Still interest for investors_2

The stock market continues to reach new highs, but not all investors will enjoy the benefits.

The stock market continues to reach new highs, but not all investors will enjoy the benefits. Small investors in some of the UK's smaller recruitment companies must sometimes wonder if it's worth the aggravation. Take Multi Group, for example. The company's shares took a battering last year following the disastrous acquisition of Global Medics (Recruiter, 9 August 2006). Then they were suspended on 10 November 2006 pending an announcement on an acquisition. So investors, most of whom would be making a loss, did not even have the option of selling out. Under the rules of the Alternative Investment Market, a company is delisted after its shares have been suspended for six months. Yet 10 May came and went without the London Stock Exchange taking any action. Multi's majority owner Bob Morton told Recruiter the AIM authorities were "relaxed" about the suspension going beyond the six-month limit. He has kept them informed of what's going on, even though he did not expect to make the announcement to the wider world until 11 May or even 14 May. Investors may wonder why it took so long. To be fair to Morton, and Multi, there is quite a lot going on at the company. Its fundraising was oversubscribed and has generated £4m of cash. The entire company was worth less than this until recently. Multi is about to announce a reverse acquisition. This is where it takes over another company, which is bigger but unlisted. This effectively gives the unlisted company a route onto AIM without the normal expense of flotation.
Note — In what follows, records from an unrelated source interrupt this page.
(* Let $n\ge2$, let $x\in\mathbb{C}^{n\times n}$ be generic (as defined in the context), and let $d=\operatorname{diag}(d(1),\ldots,d(n))$ be an invertible diagonal matrix. Put $\hat x=dxd^{-1}$ (which is generic with the same leading principal eigenvalues as $x$). With the same fixed orderings of the eigenvalues of the leading principal submatrices, let $b_m$ and $\hat b_m$ ($1\le m\le n-1$) be the dual coordinates of $x$ and of $\hat x$ respectively. Then \[ \hat b_m=b_m\,\frac{d(m+1)}{d(m)},\qquad 1\le m\le n-1. \]
   Context: For a square matrix $x$, $x_k$ is its leading principal $k\times k$ submatrix and $E(x_k)$ its eigenvalue multiset. A matrix $x\in\mathbb{C}^{n\times n}$ is generic if for every $1\le k\le n$ the eigenvalues of $x_k$ are distinct and for every $1\le k\le n-1$, $E(x_k)\cap E(x_{k+1})=\varnothing$. Fix, for each $k$, an ordering $\mu^{(k)}_1,\ldots,\mu^{(k)}_k$ of $E(x_k)$ and put $\Lambda_k=\operatorname{diag}(\mu^{(k)}_1,\ldots,\mu^{(k)}_k)$. For generic $x$ and $1\le m\le n-1$, let $g_m\in\mathrm{GL}(m)$ be the unique matrix with $x_m=g_m\Lambda_mg_m^{-1}$ whose last row consists of ones; the dual coordinates $b_m\in\mathbb{C}^m$ of $x$ are defined by $\begin{pmatrix} g_m^{-1}&0\\0&1\end{pmatrix} x_{m+1}\begin{pmatrix} g_m&0\\0&1\end{pmatrix}=\begin{pmatrix}\Lambda_m & c_m\\ b_m^{T} & \delta_{m+1}\end{pmatrix}$ for some $c_m\in\mathbb{C}^m$, $\delta_{m+1}\in\mathbb{C}$. *)

From HB Require Import structures.
From mathcomp Require Import all_boot all_order all_algebra.
From mathcomp Require Import complex.
From mathcomp Require Import Rstruct.
Set Implicit Arguments. Unset Strict Implicit. Unset Printing Implicit Defensive.
Import Order.TTheory GRing.Theory Num.Theory.
Local Open Scope ring_scope.

Definition C : Type := (Rdefinitions.R)[i].

(* Entry (i,j) (0-indexed) of x, with 0 outside the range. *)
Definition mxentry (F : nzRingType) (n : nat) (x : 'M[F]_n) (i j : nat) : F :=
  match (insub i : option 'I_n), (insub j : option 'I_n) with
  | Some i', Some j' => x i' j'
  | _, _ => 0
  end.

(* Leading principal k x k submatrix x_k of x (meaningful for k <= n). *)
Definition lpsub (F : nzRingType) (n : nat) (k : nat) (x : 'M[F]_n) : 'M[F]_k :=
  \matrix_(i < k, j < k) mxentry x i j.

(* s lists the eigenvalue multiset E(A) of A (with multiplicity):
   the characteristic polynomial of A splits as prod_(a <- s) (X - a). *)
Definition eigen_list (F : fieldType) (k : nat) (A : 'M[F]_k) (s : seq F) : Prop :=
  char_poly A = \prod_(a <- s) ('X - a%:P).

Definition generic (F : fieldType) (n : nat) (x : 'M[F]_n) : Prop :=
  (forall k, (1 <= k <= n)%N ->
     forall s, eigen_list (lpsub k x) s -> uniq s) /\
  (forall k, (1 <= k <= n - 1)%N ->
     forall a, ~~ (eigenvalue (lpsub k x) a && eigenvalue (lpsub k.+1 x) a)).

(* Lambda_m = diag(mu_1, ..., mu_m) from the chosen ordering s of E(x_m). *)
Definition Lambda (F : fieldType) (m : nat) (s : seq F) : 'M[F]_m :=
  diag_mx (\row_(i < m) s`_i).

Definition is_gm (F : fieldType) (n : nat) (x : 'M[F]_n) (s : seq F) (m : nat)
  (g : 'M[F]_m) : Prop :=
  g \in unitmx /\
  lpsub m x = g *m Lambda m s *m invmx g /\
  (forall i j : 'I_m, (i : nat) = m.-1 -> g i j = 1).

(* Dual coordinate b_m (as the row vector b_m^T): the lower-left 1 x m block of
   diag(g^{-1},1) x_{m+1} diag(g,1). *)
Definition dual_b (F : fieldType) (n : nat) (x : 'M[F]_n) (m : nat) (g : 'M[F]_m)
  : 'rV[F]_m :=
  dlsubmx (block_mx (invmx g) 0 0 (1%:M : 'M[F]_1) *m lpsub (m + 1) x
           *m block_mx g 0 0 (1%:M : 'M[F]_1)).

From HB Require Import structures.
From mathcomp Require Import all_boot all_order all_algebra.
From mathcomp Require Import complex.
From mathcomp Require Import Rstruct.
From mathcomp Require Import ring zify.
Set Implicit Arguments. Unset Strict Implicit. Unset Printing Implicit Defensive.
Import Order.TTheory GRing.Theory Num.Theory.
Local Open Scope ring_scope.

(* Since the eigenvalues of x_m are distinct, a matrix g with x_m = g Lambda_m g^-1
   is unique up to scaling its columns.  As \hat x_m = d_m x_m d_m^-1, the matrix
   d_m g_m also diagonalizes \hat x_m, so \hat g_m = d_m g_m c with c diagonal, and
   the last-row normalization forces c = d(m)^-1.  The last row of
   \hat x_{m+1} \hat g_m then picks up the factor d(m+1)/d(m). *)

Section DiagonalScaling.

Variable F : fieldType.

Definition diag_fun (n : nat) (f : nat -> F) : 'M[F]_n := diag_mx (\row_(i < n) f i).

(* No range condition on i, j: out of range both sides are the junk value 0. *)
Lemma mxentry_diag_fun_conj (n : nat) (f f' : nat -> F) (x : 'M[F]_n) (i j : nat) :
  mxentry (diag_fun n f *m x *m diag_fun n f') i j = f i * mxentry x i j * f' j.
Proof.
rewrite /mxentry; case: insubP => [i' _ <-|_] /=; last by rewrite mulr0 mul0r.
case: insubP => [j' _ <-|_] /=; last by rewrite mulr0 mul0r.
by rewrite mul_mx_diag mul_diag_mx !mxE.
Qed.

Lemma lpsub_diag_fun_conj (n k : nat) (f f' : nat -> F) (x : 'M[F]_n) :
  lpsub k (diag_fun n f *m x *m diag_fun n f') =
  diag_fun k f *m lpsub k x *m diag_fun k f'.
Proof.
apply/matrixP => i j.
by rewrite [LHS]mxE mxentry_diag_fun_conj mul_mx_diag mul_diag_mx !mxE.
Qed.

Lemma diag_fun_mulV (n : nat) (f : nat -> F) :
  (forall i, (i < n)%N -> f i != 0) ->
  diag_fun n f *m diag_fun n (fun i => (f i)^-1) = 1%:M.
Proof.
move=> f_neq0; rewrite mulmx_diag -diag_const_mx; congr diag_mx.
by apply/rowP => i; rewrite !mxE mulfV ?f_neq0.
Qed.

Lemma invmx_diag_fun (n : nat) (f : nat -> F) :
  (forall i, (i < n)%N -> f i != 0) ->
  invmx (diag_fun n f) = diag_fun n (fun i => (f i)^-1).
Proof.
move=> /diag_fun_mulV DV1; have [Du _] := mulmx1_unit DV1.
by rewrite -[RHS](mulKmx Du) DV1 mulmx1.
Qed.

End DiagonalScaling.

Section Eigenbasis.

Variables (F : fieldType) (m : nat) (s : seq F).
Hypotheses (size_s : size s = m) (uniq_s : uniq s).

Lemma comm_Lambda_is_diag (P : 'M[F]_m) :
  P *m Lambda m s = Lambda m s *m P -> is_diag_mx P.
Proof.
move=> PL; apply/is_diag_mxP => i j ij_neq.
have := congr1 (fun M : 'M[F]_m => M i j) PL.
rewrite /Lambda mul_mx_diag mul_diag_mx !mxE => PLij.
have s_neq : s`_j != s`_i by rewrite nth_uniq ?size_s ?ltn_ord // eq_sym.
have : P i j * (s`_j - s`_i) = 0 by rewrite mulrBr PLij mulrC subrr.
by move/eqP; rewrite mulf_eq0 subr_eq0 (negbTE s_neq) orbF => /eqP.
Qed.

Lemma eigenbasis_diag_scale (A g g' : 'M[F]_m) :
  g \in unitmx -> A *m g = g *m Lambda m s -> A *m g' = g' *m Lambda m s ->
  exists c : 'rV[F]_m, g' = g *m diag_mx c.
Proof.
move=> gu Ag Ag'; pose P := invmx g *m g'.
have AE : A = g *m Lambda m s *m invmx g by rewrite -Ag mulmxK.
have PL : P *m Lambda m s = Lambda m s *m P.
  by rewrite /P -mulmxA -Ag' AE -!mulmxA mulKmx.
have /diag_mxP[c Pc] := comm_Lambda_is_diag PL.
by exists c; rewrite -Pc /P mulKVmx.
Qed.

End Eigenbasis.

Lemma size_eigen_list (F : fieldType) (k : nat) (A : 'M[F]_k) (s : seq F) :
  eigen_list A s -> size s = k.
Proof.
by move=> As; have := size_char_poly A; rewrite As size_prod_XsubC => -[].
Qed.

Lemma dual_bE (F : fieldType) (n : nat) (x : 'M[F]_n) (m : nat) (g : 'M[F]_m) :
  dual_b x g = \row_(j < m) \sum_(k < m) mxentry x m k * g k j.
Proof.
rewrite /dual_b -[lpsub (m + 1) x]submxK !mulmx_block !mul0mx !mulmx0 !mul1mx
  !addr0 !add0r block_mxKdl.
by apply/rowP => j; rewrite !mxE; apply: eq_bigr => k _; rewrite !mxE /= addn0.
Qed.

Lemma dual_b_diag_fun_conj (F : fieldType) (n m : nat) (f : nat -> F)
    (x : 'M[F]_n) (g : 'M[F]_m) (c : F) :
  (forall k, (k < m)%N -> f k != 0) ->
  dual_b (diag_fun n f *m x *m diag_fun n (fun i => (f i)^-1))
         (diag_fun m f *m g *m c%:M) = (f m * c) *: dual_b x g.
Proof.
move=> f_neq0; rewrite !dual_bE; apply/rowP => j.
rewrite !mxE big_distrr; apply: eq_bigr => k _ /=.
rewrite mxentry_diag_fun_conj mul_mx_scalar mul_diag_mx !mxE.
by field; rewrite f_neq0.
Qed.

Theorem mainTheorem4 (n : nat) (x : 'M[C]_n) (mu : nat -> seq C) (d : nat -> C) :
  (2 <= n)%N ->
  generic x ->
  (forall k, (1 <= k <= n)%N -> eigen_list (lpsub k x) (mu k)) ->
  (forall j, (1 <= j <= n)%N -> d j != 0) ->
  let D : 'M[C]_n := diag_mx (\row_(i < n) d i.+1) in
  let xh : 'M[C]_n := D *m x *m invmx D in
  forall m : nat, (1 <= m <= n - 1)%N ->
  forall g gh : 'M[C]_m,
    is_gm x (mu m) g -> is_gm xh (mu m) gh ->
    dual_b xh gh = (d m.+1 / d m) *: dual_b x g.
Proof.
move=> _ [gen_uniq _] eig d_neq0 D xh m m_bd g gh [gu [xg g1]] [ghu [xhgh gh1]].
pose f i := d i.+1; pose finv i := (f i)^-1; pose Dm := diag_fun m f.
have f_neq0 k : (k < n)%N -> f k != 0 by move=> ?; apply: d_neq0; lia.
have fm_neq0 k : (k < m)%N -> f k != 0 by move=> ?; apply: f_neq0; lia.
have xhE : xh = diag_fun n f *m x *m diag_fun n finv by rewrite -(invmx_diag_fun f_neq0).
have eig_m : eigen_list (lpsub m x) (mu m) by apply: eig; lia.
have Lg : lpsub m x *m g = g *m Lambda m (mu m) by rewrite xg mulmxKV.
have DmV : invmx Dm = diag_fun m finv by rewrite invmx_diag_fun.
have Dmu : Dm \in unitmx := (mulmx1_unit (diag_fun_mulV fm_neq0)).1.
have Lhg : lpsub m xh *m (Dm *m g) = Dm *m g *m Lambda m (mu m).
  rewrite xhE lpsub_diag_fun_conj -DmV -!mulmxA (mulmxA (invmx Dm)).
  by rewrite mulVmx // mul1mx Lg.
have Lhgh : lpsub m xh *m gh = gh *m Lambda m (mu m) by rewrite xhgh mulmxKV.
have Dgu : Dm *m g \in unitmx by rewrite unitmx_mul Dmu gu.
have uniq_mu : uniq (mu m) by apply: (gen_uniq m) eig_m; lia.
have [c ghE] := eigenbasis_diag_scale (size_eigen_list eig_m) uniq_mu Dgu Lhg Lhgh.
have last_m : (m.-1 < m)%N by lia.
have cE : diag_mx c = (d m)^-1%:M.
  rewrite -diag_const_mx; congr diag_mx; apply/rowP => j.
  have := gh1 (Ordinal last_m) j erefl.
  rewrite ghE mul_mx_diag mul_diag_mx !mxE g1 // mulr1 /f prednK; last lia.
  have dm_neq0 : d m != 0 by apply: d_neq0; lia.
  by move=> dc; apply: (mulfI dm_neq0); rewrite dc mulfV.
by rewrite ghE cE xhE; apply: dual_b_diag_fun_conj.
Qed.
Multi will also undergo a change of leadership.

All that said, those who think they can forecast the fortunes of the recruitment sector may still see some opportunities to profit. And the smaller players may offer some of the best opportunities. The success of the sector's bigger players is well documented. We've already noted in Recruiter what a great year 2006 was for Robert Walters. Michael Page shares are near an all-time high. Some take the view that this rate of increase for the share prices of such firms cannot be sustained, and that more dramatic percentage gains can be realised in other companies. Recovery plays such as IT recruiter Parity may be a case in point. The shares hit 92p recently, almost double their level of a year ago. But they were worth several times that a few years ago. In March last year, the company said it had to raise money due to debt problems. The shares plummeted. They may continue to recover some of the ground lost. Healthcare Locums is another one to watch. After trading in a relatively narrow range since flotation in 2005, the shares surged 34% in the last fortnight. Its acquisition strategy (it recently bought Public Recruitment's locum business — see www.recruiter.co.uk), is clearly earning the approval of the city.